======== DATA TO EXAMINE ========
Lemma circle_of_path (S : {set E}) e p :
  path (adj S) (tgt e) p -> uniq (tgt e :: p) -> last (tgt e) p = src e ->
  e \notin S ->
  exists k (vs : 'I_k.+1 -> 'I_n) (es : 'I_k.+1 -> E),
    [/\ is_circle (e |: S) vs es, es ord_max = e, vs ord_max = src e,
        vs (ordS ord_max) = tgt e & forall t, t != ord_max -> es t \in S].
Proof.
move=> pathp uniqp lastp eS.
set k := size p.
pose vsn t := nth (tgt e) (tgt e :: p) t.
have adjt t : (t < k)%N -> adj S (vsn t) (vsn t.+1) by apply: (pathP (tgt e)).
pose ed a b := odflt e [pick f | (f \in S) && joins f a b].
have edP a b : adj S a b -> (ed a b \in S) && joins (ed a b) a b.
  by rewrite /ed; case: pickP => [f -> // | none] /existsP [f]; rewrite none.
have vsn_inj a b : (a < k.+1)%N -> (b < k.+1)%N -> vsn a = vsn b -> a = b.
  by move=> ak bk /eqP; rewrite nth_uniq // => /eqP.
have vsnk : vsn k = src e by rewrite /vsn -lastp -(last_cons (tgt e) (tgt e)) -nth_last.
have ltk (t : 'I_k.+1) : (t < k)%N = (t != ord_max).
  by rewrite -(inj_eq val_inj) /= ltn_neqAle -ltnS ltn_ord andbT.
have ordSE (t : 'I_k.+1) : t != ord_max -> val (ordS t) = t.+1.
  by rewrite -ltk /= => tk; rewrite modn_small.
pose vs (t : 'I_k.+1) := vsn t.
pose es (t : 'I_k.+1) := if t != ord_max then ed (vs t) (vs (ordS t)) else e.
have esP t : t != ord_max -> (es t \in S) && joins (es t) (vs t) (vs (ordS t)).
  by move=> tk; rewrite /es tk; apply/edP; rewrite /vs ordSE //; apply/adjt; rewrite ltk.
have ordS_max : ordS (@ord_max k) = ord0 by apply: val_inj; rewrite /= modnn.
exists k, vs, es; split; last 4 first.
- by rewrite /es eqxx.
- exact: vsnk.
- by rewrite ordS_max.
- by move=> t tk; case/andP: (esP t tk).
split => [a b /vsn_inj ab | a b | t | t].
- exact/val_inj/ab.
- case: (eqVneq a ord_max) => [-> | ak]; case: (eqVneq b ord_max) => [-> // | bk].
  + by move=> eb; case/andP: (esP b bk); rewrite -eb /es eqxx /= (negbTE eS).
  + by move=> ea; case/andP: (esP a ak); rewrite ea /es eqxx /= (negbTE eS).
  move=> eab; case/andP: (esP a ak) => _; case/andP: (esP b bk) => _.
  rewrite eab => /joins_endpoints jb /jb {jb}.
  rewrite /vs !ordSE // => -[[/vsn_inj ba _] | [/vsn_inj ba /vsn_inj ab]].
    exact/val_inj/esym/ba.
  move: ak bk; rewrite -!ltk => ak bk.
  by have := ab bk (ltn_ord a); have := ba (ltn_ord b) ak; lia.
- case: (eqVneq t ord_max) => [-> | tk]; first by rewrite /es eqxx setU11.
  by case/andP: (esP t tk); rewrite in_setU1 => ->; rewrite orbT.
- case: (eqVneq t ord_max) => [-> | tk]; last by case/andP: (esP t tk).
  by rewrite /es eqxx ordS_max /vs /= vsnk /joins !eqxx.
Qed.

Lemma circle_edge_potential (S : {set E}) e F :
  balanced (e |: S) -> potential S F -> e \notin S ->
  connect (adj S) (tgt e) (src e) -> phi e = F (src e) - F (tgt e).
Proof.
move=> bS SF eS /connectP [p pathp]; case: (shortenP pathp) => q pathq uniqq _ lastq.
have [k [vs [es [circ esE vsE vsSE esS]]]] := circle_of_path pathq uniqq (esym lastq) eS.
have := bS _ _ _ circ; rewrite (circle_gain_potential circ SF esS) esE vsE vsSE.
by rewrite /Defs.ogain !eqxx => /eqP; rewrite subr_eq0 => /eqP.
Qed.

(* Induction on [#|S|]: add one edge [e] to a potential of [S :\ e]; if its
   endpoints are already connected, balance forces compatibility, otherwise
   shift the potential on the component of [tgt e]. *)
Lemma balanced_potential (S : {set E}) : balanced S -> exists F, potential S F.
Proof.
elim: {S}#|S| {-2}S (leqnn #|S|) => [|k IH] S.
  by rewrite leqn0 cards_eq0 => /eqP -> _; exists (fun=> 0) => e; rewrite inE.
move=> cardS bS; case: (set_0Vmem S) => [-> | [e eS]].
  by exists (fun=> 0) => e; rewrite inE.
set S' := S :\ e.
have SE : S = e |: S' by rewrite finset.setD1K.
have eS' : e \notin S' by rewrite !inE eqxx.
have cardS' : (#|S'| <= k)%N by move: cardS; rewrite (cardsD1 e S) eS add1n ltnS.
have [F' SF'] := IH S' cardS' (balanced_subset (finset.subsetDl _ _) bS).
case: (boolP (connect (adj S') (tgt e) (src e))) => [conn | nconn].
  exists F' => f; rewrite SE in_setU1 => /orP [/eqP -> | /SF' //].
  by apply: (circle_edge_potential _ SF' eS' conn); rewrite -SE.
pose c := F' (src e) - F' (tgt e) - phi e.
exists (fun i => F' i + (if connect (adj S') (tgt e) i then c else 0)).
move=> f; rewrite SE in_setU1 => /orP [/eqP -> | fS'].
  by rewrite (negbTE nconn) connect0 /c; ring.
have := same_connect1r (adj_connect_sym src tgt S') (adj_edge src tgt fS') (tgt e).
move=> ->; rewrite (SF' _ fS').
by case: ifP => _; ring.
Qed.
End Potentials.

Lemma row_free_gram (F : realFieldType) p q (M : 'M[F]_(p, q)) :
  row_free (M *m M^T) = row_free M.
Proof.
apply/idP/idP => [freeMM | freeM].
  by have := mxrankM_maxl M M^T; rewrite (eqP freeMM) /row_free eqn_leq rank_leq_row.
apply/inj_row_free => x xMM0.
have xM0 : x *m M = 0.
  set y := x *m M.
  have : (y *m y^T) 0 0 = 0 by rewrite trmx_mul mulmxA -(mulmxA x) xMM0 mul0mx mxE.
  rewrite mxE => yy0.
  have y2 : \sum_(j < q) y 0 j ^+ 2 = 0.
    by rewrite -[RHS]yy0; apply: eq_bigr => j _; rewrite [y^T _ _]mxE expr2.
  apply/rowP => j; rewrite [RHS]mxE; apply/eqP; rewrite -sqrf_eq0; apply/eqP.
  by apply: (psumr_eq0P _ y2) => // i _; exact: sqr_ge0.
by apply: (row_free_inj freeM); rewrite xM0 mul0mx.
Qed.

Lemma row_free_col_mx_no_solution (F : fieldType) p q
    (A : 'M[F]_(p, q)) (b : 'rV[F]_q) :
  row_free (col_mx A b) -> forall x, x *m A != b.
Proof.
move=> freeAb x; apply/eqP => xAb.
have : row_mx x (-1) *m col_mx A b = 0 *m col_mx A b.
  by rewrite mul_row_col mulNmx mul1mx xAb subrr mul0mx.
move/(row_free_inj freeAb)/(congr1 rsubmx); rewrite row_mxKr linear0.
by move/matrixP/(_ 0 0)/eqP; rewrite !mxE eqxx oppr_eq0 oner_eq0.
Qed.

Lemma solutions_affine_flat (R : realType) p q (A : 'M[R]_(p, q)) (b : 'rV[R]_q) :
  row_full A -> affine_flat [set x | x *m A = b] (p - q).
Proof.
move=> fullA; have /submxP [x0 x0A] := submx_full b fullA.
exists x0, (kermx A); split; first by rewrite mxrank_ker (eqP fullA).
apply/seteqP; split => x /=; rewrite sub_kermx mulmxBl.
  by move=> ->; rewrite x0A subrr.
by rewrite subr_eq0 => /eqP ->; rewrite x0A.
Qed.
========
#### [HOW TO COMPLETE THIS TASK]
Wherever the string "Lemma" appears in the data above, copy the line it sits in.

#### [WRITTEN SOLUTION]
Lemma circle_of_path (S : {set E}) e p :
Lemma circle_edge_potential (S : {set E}) e F :
Lemma balanced_potential (S : {set E}) : balanced S -> exists F, potential S F.
Lemma row_free_gram (F : realFieldType) p q (M : 'M[F]_(p, q)) :
Lemma row_free_col_mx_no_solution (F : fieldType) p q
Lemma solutions_affine_flat (R : realType) p q (A : 'M[R]_(p, q)) (b : 'rV[R]_q) :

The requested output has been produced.